Read on in this chapter to learn more about the typical uses, history and origins of Pentaho Reporting, along with a more detailed overview of the reporting functionality that Pentaho Reporting provides.
Business users need access to information in many different forms for many different reasons. Pentaho Reporting addresses the following typical uses of reporting, along with many other types that will be covered in this book.
One of the most commonly used forms of reporting is operational reporting . When a developer or an IT organization decides to generate reports directly from their operational data sources for the purpose of detailed transaction level reporting, this is referred to as operational reporting. In this scenario, the database is designed to solve an operational problem, and usually contains live data supporting critical business functions. Users of Pentaho Reporting can point directly to this data source and start generating reports.
Some examples of operational reporting include building custom reports directly based on a third-party software vendor's database schema such as Bugzilla's bug tracking system or SugarCRM's Customer Relationship Management system. These reports might include summaries of daily activity, or detailed views into particular projects or users in the system. Reports might also be generated from data originating from an in-house custom application. These reports are typically based on a SQL backend, but could be generated from flat log files or directly from in-memory Java objects.
Pentaho Reporting's parameterization capabilities provide a powerful mechanism to render up-to-the-minute customized operational reports. With features such as cross tabs and interactive reporting, business users can quickly view their operational data and drill back into operational systems that might require attention.
There are limitations when developing reports based on live operational data. Developers need to be careful to make sure that queries in the operational system do not impact the performance of regular operations. An extremely CPU-intensive query could delay a transaction from taking place. Also, certain historical questions —for example, state transitions or changes to particular informational fields such as address—aren't traditionally captured in an operational schema design.

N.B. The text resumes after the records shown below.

Lemma closed_nonneg_rv (R : realType) p : closed (@nonneg_rv R p).
Proof.
have -> : @nonneg_rv R p =
    \bigcap_(i in [set: 'I_p]) ((fun lam : 'rV[R]_p => lam 0 i) @^-1` [set r | 0 <= r]).
  by apply/seteqP; split => lam lam_ge0 i; [move=> _|]; apply: lam_ge0.
apply: closed_bigI => i _; apply: preimage_closed; last exact: closed_ge.
by move=> lam _; exact: coord_continuous.
Qed.

Lemma ereal_inf_image_geP (R : realType) (T : Type) (A : set T) (F : T -> R) (r : R) :
  (r%:E <= ereal_inf [set (F y)%:E | y in A])%E <-> forall y, A y -> r <= F y.
Proof.
split => [rle y Ay | rle].
  by rewrite -lee_fin; apply: le_trans rle _; apply: ereal_inf_lbound; exists y.
by apply/ereal_infP => _ [y Ay <-]; rewrite lee_fin rle.
Qed.

Lemma ereal_sup_image_attained (R : realType) (T : Type) (A : set T)
    (phi : T -> \bar R) (r : \bar R) a :
  (forall b, A b -> phi b <= r)%E -> A a -> (r <= phi a)%E -> ereal_sup (phi @` A) = r.
Proof.
move=> ler Aa rle; apply/le_anti/andP; split.
  by apply/ereal_supP => _ [b Ab <-]; exact: ler.
by apply: le_trans rle _; apply: ereal_sup_ubound; exists a.
Qed.

Lemma argmax_nonneg_ge (R : realType) p (phi : 'rV[R]_p -> \bar R) (r : \bar R) lam0 :
  (forall lam, nonneg_rv lam -> phi lam <= r)%E -> nonneg_rv lam0 -> (r <= phi lam0)%E ->
  argmax_nonneg phi = [set lam | nonneg_rv lam /\ (r <= phi lam)%E].
Proof.
move=> ler lam0_ge0 rle; apply/seteqP; split => lam [lam_ge0 max]; split => //.
  exact: le_trans rle (max _ lam0_ge0).
by move=> mu mu_ge0; apply: le_trans (ler _ mu_ge0) max.
Qed.

Lemma convex_fun_on_setT (R : realType) m (F : 'rV[R]_m -> R) :
  convex_fun F -> convex_on setT F.
Proof. by move=> cF a b t _ _; exact: cF. Qed.

Lemma psi_le_hdual (R : realType) n m p (f : 'rV[R]_n -> 'rV[R]_m -> R)
    (g : 'rV[R]_n -> 'rV[R]_m -> 'rV[R]_p) Y lam x :
  (psi f g lam x <= hdual f g Y lam x)%E.
Proof. by apply/ereal_infP => _ [y _ <-]; apply: ereal_inf_lbound; exists y. Qed.

Section DualityAtFeasiblePoint.
Variables (R : realType) (n m p : nat) (f : 'rV[R]_n -> 'rV[R]_m -> R)
  (g : 'rV[R]_n -> 'rV[R]_m -> 'rV[R]_p) (Y : set 'rV[R]_m) (x : 'rV[R]_n).

Let S := [set y | forall i : 'I_p, g x y 0 i <= 0].

Hypotheses (convf : convex_fun (f x)) (convg : forall i, convex_fun (fun y => g x y 0 i)).
Hypotheses (contf : continuous (f x)) (contg : forall i, continuous (fun y => g x y 0 i)).
Hypotheses (compactY : compact Y) (S_interior : S `<=` interior Y).
Variable y0 : 'rV[R]_m.
Hypothesis slater : forall i, g x y0 0 i < 0.

Lemma compact_feasible : compact S.
Proof.
apply: subclosed_compact compactY (fun y Sy => interior_subset (S_interior Sy)).
have -> : S = \bigcap_(i in [set: 'I_p]) ((fun y => g x y 0 i) @^-1` [set r | r <= 0]).
  by apply/seteqP; split => y Sy i; [move=> _|]; apply: Sy.
apply: closed_bigI => i _; apply: preimage_closed; last exact: closed_le.
by move=> y _; exact: contg.
Qed.

Lemma exists_primal_min : exists2 ys, S ys & forall y, S y -> f x ys <= f x y.
Proof.
have S0 : S !=set0 by exists y0 => i; exact: ltW.
have [ys] := compact_EVT_min S0 compact_feasible (continuous_subspaceT contf).
by rewrite inE => Sys ys_min; exists ys => // y Sy; apply: ys_min; rewrite inE.
Qed.

Variable ys : 'rV[R]_m.
Hypotheses (feasible_ys : S ys) (min_ys : forall y, S y -> f x ys <= f x y).

Let v := f x ys.

Let Lam := [set lam | nonneg_rv lam /\ forall y, v <= lagr f g lam x y].

Lemma convex_lagr lam : nonneg_rv lam -> convex_on setT (lagr f g lam x).
Proof.
move=> lam_ge0 a b t _ _ t0 t1.
have conic := convex_on_conic ler01 lam_ge0 (convex_fun_on_setT convf)
  (fun i => convex_fun_on_setT (convg i)).
by have := conic a b t I I t0 t1; rewrite /lagr !mul1r.
Qed.

Lemma lagr_le_primal lam : nonneg_rv lam -> lagr f g lam x ys <= v.
Proof.
move=> lam_ge0; rewrite /lagr gerDl; apply: sumr_le0 => i _.
exact: mulr_ge0_le0 (lam_ge0 i) (feasible_ys i).
Qed.

Lemma exists_lagr_ge_primal : exists2 lam, nonneg_rv lam & forall y, v <= lagr f g lam x y.
Proof.
have no_better y : ~ (f x y - v < 0 /\ forall i, g x y 0 i < 0).
  by move=> [fy gy]; have := min_ys (fun i => ltW (gy i)); rewrite -/v; lra.
have [mu0 [mu [mu0_ge0 mu_ge0 mu_sum mu_ineq]]] :=
  @convex_alternative R _ p setT (fun y => f x y - v) (fun i y => g x y 0 i)
    (fun _ _ _ _ _ _ _ => I) (convex_on_subr v (convex_fun_on_setT convf))
    (fun i => convex_fun_on_setT (convg i)) (fun y _ => no_better y).
have mu0_gt0 : 0 < mu0.
  rewrite lt_def mu0_ge0 andbT; apply/eqP => mu0_eq0.
  have mu_ne0 : \sum_i mu i != 0.
    by rewrite -(add0r (\sum_i mu i)) -[X in X + _]mu0_eq0 mu_sum oner_neq0.
  have := mu_ineq y0 I; rewrite mu0_eq0 mul0r add0r.
  by rewrite leNgt (weighted_sumr_lt0 mu_ge0 mu_ne0 slater).
exists (\row_i (mu i / mu0)); first by move=> i; rewrite mxE divr_ge0.
move=> y; have := mu_ineq y I.
have -> : \sum_i mu i * g x y 0 i = mu0 * \sum_i (\row_i (mu i / mu0)) 0 i * g x y 0 i.
  rewrite mulr_sumr; apply: eq_bigr => i _.
  by rewrite mxE mulrA mulrCA mulfV ?mulr1 // gt_eqF.
by rewrite -mulrDr pmulr_rge0 // /lagr; lra.
Qed.

Lemma lagr_ge_primal_of_Y lam : nonneg_rv lam ->
  (forall y, Y y -> v <= lagr f g lam x y) -> forall y, v <= lagr f g lam x y.
Proof.
move=> lam_ge0; apply: convex_ge_of_nbhs (convex_lagr lam_ge0) (S_interior feasible_ys) _.
exact: lagr_le_primal.
Qed.

Lemma psi_le_primal lam : nonneg_rv lam -> (psi f g lam x <= v%:E)%E.
Proof.
move=> lam_ge0; apply: (@le_trans _ _ (lagr f g lam x ys)%:E).
  by apply: ereal_inf_lbound; exists ys.
by rewrite lee_fin lagr_le_primal.
Qed.

Lemma hdual_le_primal lam : nonneg_rv lam -> (hdual f g Y lam x <= v%:E)%E.
Proof.
move=> lam_ge0; apply: (@le_trans _ _ (lagr f g lam x ys)%:E).
  by apply: ereal_inf_lbound; exists ys => //; exact: interior_subset (S_interior feasible_ys).
by rewrite lee_fin lagr_le_primal.
Qed.

Lemma argmax_psiE : argmax_nonneg (fun lam => psi f g lam x) = Lam.
Proof.
have [lam0 lam0_ge0 lam0_ge] := exists_lagr_ge_primal.
rewrite (argmax_nonneg_ge psi_le_primal lam0_ge0); last exact/ereal_inf_image_geP.
apply/seteqP; split => lam [lam_ge0 lam_ge]; split => //.
  by move/ereal_inf_image_geP: lam_ge => lam_ge y; exact: lam_ge.
exact/ereal_inf_image_geP.
Qed.

Lemma argmax_hdualE : argmax_nonneg (fun lam => hdual f g Y lam x) = Lam.
Proof.
have [lam0 lam0_ge0 lam0_ge] := exists_lagr_ge_primal.
rewrite (argmax_nonneg_ge hdual_le_primal lam0_ge0); last first.
  by apply: le_trans (psi_le_hdual _ _ _ _ _); exact/ereal_inf_image_geP.
apply/seteqP; split => lam [lam_ge0 lam_ge]; split => //.
  by apply: lagr_ge_primal_of_Y => //; exact/ereal_inf_image_geP.
by apply/ereal_inf_image_geP => y _; exact: lam_ge.
Qed.

Lemma ereal_sup_psiE : ereal_sup [set psi f g lam x | lam in @nonneg_rv R p] = v%:E.
Proof.
have [lam0 lam0_ge0 lam0_ge] := exists_lagr_ge_primal.
by apply: ereal_sup_image_attained psi_le_primal lam0_ge0 _; exact/ereal_inf_image_geP.
Qed.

When you've reached the limits of operational reporting, the next logical step is to move your data into a data warehouse. This move is often referred to as business intelligence reporting. Reporting alone does not provide the necessary tools to make this transition. You will need an Extract, Transform, and Load(ETL) tool such as Pentaho Data Integration, along with a sensible warehouse design such as a snow flake schema, in order to enable business intelligence reporting.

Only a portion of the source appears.